Integration is always a contentious issue in Germany. For many Muslims born in the country but with immigrant parents or grandparents, the question of integration is irrelevant. Özil, for example, has always avoided talking about his heritage in the media. For him, he is a German, not a “hyphenated” German. In 2015, he was furious for being referred to as German-Turk.

However, right-wing politicians have always fanned the debate because it can appeal to voters who are dissatisfied with Chancellor Angela Merkel’s decision to receive more than 1 million refugees from the Middle East two years ago.

Muslim integration is a classic debate. In 2010, Thilo Sarrazin, a board member of the Bundesbank, the German central bank, had to resign from his position after he wrote a controversial book, in which he accused Muslims, especially Arabs and Turks, of “not making efforts” to integrate and “dumbing down” German society.

Many Germans consider Sarrazin’s ideas as “racist”. Recently, a publisher refused to publish his new book, Deutsche Welle (DW) recently reported.

“Actually there is no question that Muslims are not integrated. But there is always this debate,” says Susanne Kaiser, a senior journalist and expert on German Islam.

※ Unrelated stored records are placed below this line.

(* Let $C=\{c_1,\dots,c_m\}\subset\mathbb{R}$ with $c_1\le c_2\le\dots\le c_m$, let $\mathcal{I}$ be a finite set of closed intervals in $\mathbb{R}$, and let $f\ge0$ be an integer such that every interval $I\in\mathcal{I}$ satisfies $|I\cap C|>f$. Then $T\subseteq C$ is an $f$-tolerant hitting set of $\mathcal{I}$ if and only if $|T\cap C_{i,j}|\ge\delta_{i,j}(f)$ for all $1\le i\le j\le m$.
   Context: A set $X\subseteq C$ hits $\mathcal{I}$ (is a hitting set) if every interval of $\mathcal{I}$ contains a point of $X$. $T\subseteq C$ is an $f$-tolerant hitting set of $\mathcal{I}$ if for every $J\subseteq C$ with $|J|\le f$ there exists $R\subseteq C\setminus J$ with $|(T\setminus J)\cup R|\le|T|$ such that $(T\setminus J)\cup R$ hits $\mathcal{I}$. For a set of points $X$, a set of intervals is $X$-disjoint if every point of $X$ lies in at most one of its intervals. For $1\le i\le j\le m$: $C_{i,j}=\{c_i,\dots,c_j\}$; $\mathcal{I}_{i,j}=\{I\in\mathcal{I}: I\cap C\subseteq C_{i,j}\}$; for $J\subseteq C_{i,j}$, $\delta_{i,j}(J)$ is the maximum size of a $(C_{i,j}\setminus J)$-disjoint subset of $\mathcal{I}_{i,j}$; and $\delta_{i,j}(f)=\max_{J\subseteq C_{i,j},|J|\le f}\delta_{i,j}(J)$. (In the application, $\mathcal{I}$ consists of the intervals of length $2r$ centered at the voters.) *)

From HB Require Import structures.
From mathcomp Require Import all_boot all_order all_algebra.
From mathcomp Require Import finmap.
Set Implicit Arguments. Unset Strict Implicit. Unset Printing Implicit Defensive.
Import Order.TTheory GRing.Theory Num.Theory.
Local Open Scope ring_scope.
Local Open Scope fset_scope.

Section Defs.
Variables (R : realFieldType) (m : nat) (c : 'I_m -> R).

(* The candidate set C = {c_0, ..., c_(m-1)} is represented by its indices 'I_m;
   subsets of C are {set 'I_m}.  A closed interval [a,b] is a pair (a,b). *)
Definition in_itv (I : R * R) (x : R) : bool := (I.1 <= x) && (x <= I.2).

Definition pts (I : R * R) : {set 'I_m} := [set k | in_itv I (c k)].

Definition hits (Ic : {fset R * R}) (X : {set 'I_m}) : Prop :=
  forall I, I \in Ic -> exists2 k, k \in X & in_itv I (c k).

Definition tolerant (Ic : {fset R * R}) (f : nat) (T : {set 'I_m}) : Prop :=
  forall J : {set 'I_m}, (#|J| <= f)%N ->
    exists Rs : {set 'I_m}, [/\ Rs \subset ~: J,
      (#|(T :\: J) :|: Rs| <= #|T|)%N & hits Ic ((T :\: J) :|: Rs)].

Definition Cij (i j : 'I_m) : {set 'I_m} := [set k : 'I_m | (i <= k <= j)%N].

Definition Iij (Ic : {fset R * R}) (i j : 'I_m) : {fset R * R} :=
  [fset I in Ic | pts I \subset Cij i j].

Definition disjointb (X : {set 'I_m}) (S : {fset R * R}) : bool :=
  [forall k in X, #|[set I : S | in_itv (val I) (c k)]| <= 1]%N.

Definition deltaJ (Ic : {fset R * R}) (i j : 'I_m) (J : {set 'I_m}) : nat :=
  \max_(S <- fpowerset (Iij Ic i j) | disjointb (Cij i j :\: J) S) #|` S|.
(* Let $\Lambda$ be an isolated set of a partial flow $\phi$ on a metric space $X$. Let $N$ be an isolating neighborhood of $\Lambda$ and $\mathcal L_1\colon N\to\mathbb{R}$ a catenary function for $\Lambda$. Let $\delta>0$ be such that $\mathcal B=\{x\in N:\mathcal L_1(x)\le\delta\}$ is contained in the interior of $N$, and let $\partial\mathcal B$ denote the boundary of $\mathcal B$. Let $a\colon\mathcal B\setminus\Lambda\to(0,\infty)$ be continuous with $\dot a=0$ and $\inf a>0$, and let $f\colon\partial\mathcal B\to\mathbb{R}$ be continuous. Then there is a unique continuous function $\mathcal L_2\colon\mathcal B\to\mathbb{R}$ such that: - $\mathcal L_2(\Lambda)=0$; - $\ddot{\mathcal L}_2(x)=a(x)^2\mathcal L_2(x)$ for all $x\in\mathcal B\setminus\Lambda$; - $\mathcal L_2(x)=f(x)$ for all $x\in\partial\mathcal B$. If in addition $f>0$, then $\mathcal L_2(x)>0$ for all $x\in\mathcal B\setminus\Lambda$.
   Context: A partial flow on a metric space $X$ is a continuous map $\phi\colon\Gamma\to X$ on an open set $\Gamma\subset\mathbb{R}\times X$. Here $\Gamma_x=\{t:(t,x)\in\Gamma\}$ is a connected set containing $0$, $\Gamma_{\phi_t(x)}=\Gamma_x-t$, $\phi_0=\mathrm{id}$, and $\phi_s\phi_t=\phi_{s+t}$ where defined. A $\phi$-invariant set $\Lambda$ is isolated if it has a compact neighborhood $N$ (an isolating neighborhood) such that $\phi_{\Gamma_x}(x)\subseteq N$ implies $x\in\Lambda$. $\dot{\mathcal L}(x)=\lim_{t\to0}(\mathcal L(\phi_t(x))-\mathcal L(x))/t$ and $\ddot{\mathcal L}=(\dot{\mathcal L})^{\cdot}$. A catenary function for $\Lambda$ is a continuous $\mathcal L\colon N\to\mathbb{R}$ on an isolating neighborhood $N$ with $\mathcal L(\Lambda)=0$, $\mathcal L>0$ on $N\setminus\Lambda$, and $\ddot{\mathcal L}=\mathcal L$ on $N$. *)

From Stdlib Require Import Reals List.
Open Scope R_scope.

Section Defs.
Variable M : Metric_Space.
Local Notation X := (Base M).
Local Notation d := (dist M).

Definition in_ball (x : X) (r : R) (y : X) : Prop := d y x < r.

Definition m_open (U : X -> Prop) : Prop :=
  forall x, U x -> exists eps, eps > 0 /\ forall y, d y x < eps -> U y.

Many young Germans today are more open-minded. For example, at an organization called the Young Islam Conference, a group of young people, Muslims and non-Muslims alike, stand up against bigotry by countering the profiling of Islam and immigrants.

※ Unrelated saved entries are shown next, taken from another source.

Lemma sdist_separable (eT : T -> nat) :
  Injective eI -> Injective eT -> metric_separable sdist.
Proof.
  intros HI HT.
  exists (fun n => match excluded_middle_informative
                 (exists y : sig P, exists l, list_code l = n /\ code_prefix eT l (proj1_sig y)) with
               | left H => Some (proj1_sig (constructive_indefinite_description _ H))
               | right _ => None end).
  intros x eps Heps. destruct (inv2pow_lt_eps eps Heps) as [k Hk].
  destruct (code_prefix_exists eT HI (proj1_sig x) k) as [l [Hl Hx]].
  exists (list_code l). destruct excluded_middle_informative as [H|H].
  - destruct constructive_indefinite_description as [y [l' [Hc Hy]]]; simpl.
    apply list_code_inj in Hc; subst l'.
    exists y; split; auto. apply Rle_lt_trans with (/2^k); [|exact Hk].
    apply dist_le_iff. intros i Hi. apply HT. rewrite <- Hx, <- Hy; auto; lia.
  - exfalso; apply H. exists x, l; auto.
Qed.

Lemma sdist_polish (eT : T -> nat) :
  Injective eI -> Injective eT -> product_closed P -> polish sdist.
Proof.
  intros HI HT HP. split; [apply sdist_metric|].
  split; [apply sdist_complete, HP|apply sdist_separable with eT; assumption].
Qed.

Lemma continuous_coord {G : Type} (coord : G -> I) (bit : T -> bool) :
  continuous_into_PG sdist G (fun x g => bit (proj1_sig x (coord g))).
Proof.
  intros g x. exists (/2^(eI (coord g))). split; [apply inv2pow_pos|].
  intros y Hy. apply dist_lt_agree in Hy. rewrite <- (Hy (coord g)); [reflexivity|lia].
Qed.

End ClosedSubspace.

Lemma analytic_closed_projection {I T G : Type} (eI : I -> nat) (eT : T -> nat)
    (P : (I -> T) -> Prop) (coord : G -> I) (bit : T -> bool) (S : (G -> bool) -> Prop) :
  Injective eI -> Injective eT -> product_closed eI P ->
  (forall A, S A <-> exists z, P z /\ forall g, bit (z (coord g)) = A g) ->
  analytic_PG G S.
Proof.
  intros HI HT HP HS. exists (sig P), (sdist eI P).
  split; [apply sdist_polish with eT; assumption|].
  exists (fun x g => bit (proj1_sig x (coord g))).
  split; [apply continuous_coord|].
  intros A. rewrite HS. split.
  - intros [z [Pz Hz]]. exists (exist _ z Pz). exact Hz.
  - intros [[z Pz] Hz]. exists z. split; assumption.
Qed.

Lemma gmulV (G : group) (x : G) : gmul G x (ginv G x) = gone G.
Proof.
  set (y := gmul G x (ginv G x)).
  assert (yy : gmul G y y = y).
  { unfold y. rewrite <- gmulA, (gmulA G (ginv G x) x), gmulVl, gmul1l. reflexivity. }
  assert (H : gmul G (ginv G y) (gmul G y y) = y) by (rewrite gmulA, gmulVl, gmul1l; reflexivity).
  rewrite yy, gmulVl in H. symmetry; exact H.
Qed.

Lemma translate_iff (G : group) g (A : G -> bool) x :
  translate G g A x <-> A (gmul G (ginv G g) x) = true.
Proof.
  split.
  - intros [a [Ha ->]]. rewrite gmulA, gmulVl, gmul1l. exact Ha.
  - intros H. exists (gmul G (ginv G g) x). split; auto.
    rewrite gmulA, gmulV, gmul1l. reflexivity.
Qed.

Fixpoint greedy_list {T} (c : list T -> T) (n : nat) : list T :=
  match n with 0%nat => nil | S n => greedy_list c n ++ c (greedy_list c n) :: nil end.

Lemma infinite_injective_seq {T} (X : T -> Prop) :
  infinite_set X -> exists s : nat -> T, Injective s /\ forall n, X (s n).
Proof.
  intros H.
  assert (Hc : forall l : list T, exists x, X x /\ ~ In x l).
  { intro l. apply NNPP; intro Hn. apply H. exists l. intros x Hx. apply NNPP; intro Hi.
    apply Hn; exists x; auto. }
  destruct (choice _ Hc) as [c Hcs].
  assert (Hin : forall n m, (m < n)%nat -> In (c (greedy_list c m)) (greedy_list c n)).
  { induction n; intros m Hm; [lia|]. simpl. apply in_or_app.
    destruct (Nat.eq_dec m n); [subst; right; left; reflexivity|left; apply IHn; lia]. }
  exists (fun n => c (greedy_list c n)). split; [|intro n; apply Hcs].
  intros n m Heq. destruct (Nat.lt_trichotomy n m) as [Hl|[He|Hl]]; auto; exfalso.
  - apply (proj2 (Hcs (greedy_list c m))). rewrite <- Heq. apply Hin; auto.
  - apply (proj2 (Hcs (greedy_list c n))). rewrite Heq. apply Hin; auto.
Qed.

Lemma injective_seq_infinite {T} (s : nat -> T) (X : T -> Prop) :
  Injective s -> (forall n, X (s n)) -> infinite_set X.
Proof.
  intros Hi Hx [l Hl].
  assert (H1 : NoDup (map s (seq 0 (S (length l))))).
  { apply NoDup_map_NoDup_ForallPairs; [intros a b _ _; apply Hi|apply seq_NoDup]. }
  assert (H2 : incl (map s (seq 0 (S (length l)))) l).
  { intros y Hy. apply in_map_iff in Hy. destruct Hy as [n [<- _]]. apply Hl, Hx. }
  pose proof (NoDup_incl_length H1 H2). rewrite length_map, length_seq in H. lia.
Qed.

Lemma list_in_initial_segment {T} (s : nat -> T) (F : list T) :
  (forall g, In g F -> exists j, g = s j) ->
  exists k, forall g, In g F -> exists j, (j < k)%nat /\ g = s j.
Proof.
  induction F as [|a F IH]; intros H.
  - exists 0%nat; intros g [].
  - destruct IH as [k Hk]; [intros; apply H; right; auto|].
    destruct (H a (or_introl eq_refl)) as [j Hj].
    exists (Nat.max k (S j)). intros g [<-|Hg].
    + exists j; split; [lia|auto].
    + destruct (Hk g Hg) as [j' [? ?]]; exists j'; split; [lia|auto].
Qed.

Definition sum_code {A B} (eA : A -> nat) (eB : B -> nat) (x : A + B) : nat :=
  match x with inl a => 2 * eA a | inr b => S (2 * eB b) end.

Lemma sum_code_inj {A B} (eA : A -> nat) (eB : B -> nat) :
  Injective eA -> Injective eB -> Injective (sum_code eA eB).
Proof.
  intros HA HB [a|b] [a'|b']; simpl; intros H; try lia; f_equal; [apply HA|apply HB]; lia.
Qed.

Definition pair_code {A B} (eA : A -> nat) (eB : B -> nat) (p : A * B) : nat :=
  Cantor.to_nat (eA (fst p), eB (snd p)).

Lemma pair_code_inj {A B} (eA : A -> nat) (eB : B -> nat) :
  Injective eA -> Injective eB -> Injective (pair_code eA eB).
Proof.
  intros HA HB [a b] [a' b'] H. apply (cantor_to_nat_inj (eA a, eB b) (eA a', eB b')) in H. injection H as Ha Hb.
  f_equal; [apply HA|apply HB]; assumption.
Qed.

Lemma b2n_inj : Injective Nat.b2n.
Proof. intros [|] [|]; simpl; congruence. Qed.

Lemma nat_id_inj : Injective (fun n : nat => n).
Proof. intros n m; auto. Qed.

Section Witnesses.

Variable G : group.

(* A point z stores A g in the bool of coordinate [inl g] and the witness
   sequences in the G-components of the [inr] coordinates; the other
   components are ignored. *)
Definition set_part {J} (z : G + J -> bool * G) (g : G) : bool := fst (z (inl g)).

Definition small_seq (z : G + nat -> bool * G) (n : nat) : G := snd (z (inr n)).

Definition small_witness (z : G + nat -> bool * G) : Prop :=
  Injective (small_seq z) /\
  forall n m x, n <> m ->
    ~ (set_part z (gmul G (ginv G (small_seq z n)) x) = true /\
       set_part z (gmul G (ginv G (small_seq z m)) x) = true).

Lemma small_witness_closed (eI : G + nat -> nat) : product_closed eI small_witness.
Proof.
  intros z Hz. pose proof (agree_on_list eI _ z Hz) as Happrox. split.
  - intros n m H. destruct (Happrox (inr n :: inr m :: nil)) as [y [Py Hy]].
    unfold small_seq in H. rewrite (Hy (inr n)), (Hy (inr m)) in H by (simpl; tauto).
    apply (proj1 Py), H.
  - intros n m x Hnm.
    set (a := gmul G (ginv G (small_seq z n)) x). set (b := gmul G (ginv G (small_seq z m)) x).
    destruct (Happrox (inr n :: inr m :: inl a :: inl b :: nil)) as [y [Py Hy]].
    unfold set_part. rewrite (Hy (inl a)), (Hy (inl b)) by (simpl; tauto).
    unfold a, b, small_seq. rewrite (Hy (inr n)), (Hy (inr m)) by (simpl; tauto).
    apply (proj2 Py n m x Hnm).
Qed.

Lemma P_small_iff_witness A :
  P_small G A <-> exists z, small_witness z /\ forall g, set_part z g = A g.
Proof.
  split.
  - intros [gs [Hinj Hdis]].
    exists (fun i => match i with inl g => (A g, gone G) | inr n => (false, gs n) end).
    split; [split|reflexivity].
    + exact Hinj.
    + intros n m x Hnm [H1 H2]. apply (Hdis n m Hnm x).
      split; apply translate_iff; assumption.
  - intros [z [[Hinj Hdis] Hz]]. exists (small_seq z). split; [exact Hinj|].
    intros n m Hnm x. rewrite !translate_iff, <- !Hz. apply Hdis, Hnm.
Qed.

Definition x_seq (z : G + (nat + nat * nat) -> bool * G) (n : nat) : G :=
  snd (z (inr (inl n))).
Definition w_seq (z : G + (nat + nat * nat) -> bool * G) (k m : nat) : G :=
  snd (z (inr (inr (k, m)))).

Definition nonsparse_witness (z : G + (nat + nat * nat) -> bool * G) : Prop :=
  Injective (x_seq z) /\ (forall k, Injective (w_seq z k)) /\
  forall k m j, (j < k)%nat -> set_part z (gmul G (ginv G (x_seq z j)) (w_seq z k m)) = true.

Lemma nonsparse_witness_closed (eI : G + (nat + nat * nat) -> nat) :
  product_closed eI nonsparse_witness.
Proof.
  intros z Hz. pose proof (agree_on_list eI _ z Hz) as Happrox. split; [|split].
  - intros n m H. destruct (Happrox (inr (inl n) :: inr (inl m) :: nil)) as [y [Py Hy]].
    unfold x_seq in H. rewrite !Hy in H by (simpl; tauto).
    apply (proj1 Py), H.
  - intros k m m' H.
    destruct (Happrox (inr (inr (k, m)) :: inr (inr (k, m')) :: nil)) as [y [Py Hy]].
    unfold w_seq in H. rewrite !Hy in H by (simpl; tauto).
    apply (proj1 (proj2 Py) k), H.
  - intros k m j Hj.
    set (a := gmul G (ginv G (x_seq z j)) (w_seq z k m)).
    destruct (Happrox (inr (inl j) :: inr (inr (k, m)) :: inl a :: nil)) as [y [Py Hy]].
    unfold set_part. rewrite (Hy (inl a)) by (simpl; tauto).
    unfold a, x_seq, w_seq. rewrite (Hy (inr (inl j))), (Hy (inr (inr (k, m)))) by (simpl; tauto).
    apply (proj2 (proj2 Py)), Hj.
Qed.

Lemma not_sparse_witness A :
  ~ sparse G A -> exists z, nonsparse_witness z /\ forall g, set_part z g = A g.
Proof.
  intros Hns. apply not_all_ex_not in Hns. destruct Hns as [X HX].
  apply imply_to_and in HX. destruct HX as [Hinf HnF].
  destruct (infinite_injective_seq X Hinf) as [s [Hs HsX]].
  assert (HW : forall k, exists w : nat -> G, Injective w /\
            forall m g, In g (map s (seq 0 k)) -> translate G g A (w m)).
  { intro k.
    destruct (infinite_injective_seq
                (fun x => forall g, In g (map s (seq 0 k)) -> translate G g A x))
      as [w Hw]; [|exists w; exact Hw].
    intros Hfin. apply HnF. exists (map s (seq 0 k)). split; [|exact Hfin].
    intros g Hg. apply in_map_iff in Hg. destruct Hg as [n [<- _]]. apply HsX. }
  destruct (choice _ HW) as [W HWs].
  exists (fun i => match i with
            | inl g => (A g, gone G)
            | inr (inl n) => (false, s n)
            | inr (inr (k, m)) => (false, W k m) end).
  split; [split; [|split]|reflexivity].
  - exact Hs.
  - intro k. apply (proj1 (HWs k)).
  - intros k m j Hj. apply translate_iff, (proj2 (HWs k)), in_map, in_seq. lia.
Qed.

Lemma witness_not_sparse z : nonsparse_witness z -> ~ sparse G (set_part z).
Proof.
  intros [Hx [Hw Hint]] Hsp.
  destruct (Hsp (fun g => exists n, g = x_seq z n)) as [F [HF Hfin]].
  { apply (injective_seq_infinite (x_seq z)); [exact Hx|intro n; exists n; reflexivity]. }
  destruct (list_in_initial_segment (x_seq z) F HF) as [k Hk].
  apply (injective_seq_infinite (w_seq z k) _ (Hw k)) in Hfin; auto.
  intros m g Hg. destruct (Hk g Hg) as [j [Hj ->]]. apply translate_iff, Hint, Hj.
Qed.

Lemma not_sparse_iff_witness A :
  ~ sparse G A <-> exists z, nonsparse_witness z /\ forall g, set_part z g = A g.
Proof.
  split; [apply not_sparse_witness|].
  intros [z [Hz HzA]]. replace A with (set_part z) by (apply functional_extensionality, HzA).
  apply witness_not_sparse, Hz.
Qed.

End Witnesses.

Theorem theorem3p3 (G : group) (hG : countable_type G) :
  coanalytic_PG G (sparse G) /\ analytic_PG G (P_small G).
Proof.
  destruct hG as [eG HG].
  assert (Hcode : Injective (pair_code Nat.b2n eG)).
  { apply pair_code_inj; [apply b2n_inj|exact HG]. }
  split.
  - apply (analytic_closed_projection
             (sum_code eG (sum_code (fun n => n) (pair_code (fun n => n) (fun n => n))))
             (pair_code Nat.b2n eG) (nonsparse_witness G) inl fst).
    + apply sum_code_inj; [exact HG|].
      apply sum_code_inj; [apply nat_id_inj|apply pair_code_inj; apply nat_id_inj].
    + exact Hcode.
    + apply nonsparse_witness_closed.
    + apply not_sparse_iff_witness.
  - apply (analytic_closed_projection (sum_code eG (fun n => n)) (pair_code Nat.b2n eG)
             (small_witness G) inl fst).
    + apply sum_code_inj; [exact HG|apply nat_id_inj].
    + exact Hcode.
    + apply small_witness_closed.
    + apply P_small_iff_witness.
Qed.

However, stereotyping and prejudice persist thanks to the right-leaning media.

Muhammad Syarqawi, a Palestinian immigrant who runs an Arabic coffee shop in Berlin’s Sonnenalle Avenue, says the street is often referred to as a crime-laden area simply because many Muslims live there. Sonnenalle Avenue is also called Berlin’s Arab street because many Arabs, also Turks, run shops there.

“Crimes sometimes happen here but they’re not a big issue. Crimes happen anywhere else,” Syarqawi says. “The media gives a [bad] picture of the street.”

Kaiser says the media often report about Islam from the perspective of conflict in the Middle East and this further exacerbates the already biased depiction of Islam. This adds to the stereotyping and prejudice toward Muslims as a whole.

Fanning the controversy, some politicians also attack Muslim communities with false rhetoric that Muslims are trying to conquer Germany with their Islamic hidden agenda, often using dystopian statistics about the number of Muslims in the country, according to Susanne.

As a result, the construction of new mosques often stirs controversy. In 2007, the construction of a grand mosque in Cologne rattled many people there, including respected writer Ralph Giordano, who said the mosque would be “an expression of the creeping Islamization of our land”.

The majority of mosques in Germany are still in the form of backyard mosques (Hinterhofmoscheen), residential buildings without minarets that function as houses of worship.

Unassisted integration

However, the controversy goes, there is a different reality pertaining to Muslim integration. Turks, who account for the majority of Muslims in the land, arrived in Germany in the 1960s as what were then known as “guest workers”. The arrival followed a contract made between West Germany and Turkey to send workers to meet the demand in West Germany’s booming post World War II economy.

At the time there was no policy made to assist these guest workers to better integrate into society, despite the fact they had come from a poorly-educated background and some even could not read and write. This was because Germany thought they would return to Turkey after a few years of working.

But the workers stayed. The “rotational clause” intended to limit how many years a worker could work was removed, partly as a result of pressures from German industries, which complained about training new workers over and over again. The Turkish migrants largely lived in their own communities and many did not learn German. As the Muslim communities grew, they felt the need to train an imam. In Germany, however, the communities could not easily establish an institution for training preachers, partly because of the secular nature of the society and for financial reasons. Egypt and Turkey responded to this problem by sending gurus.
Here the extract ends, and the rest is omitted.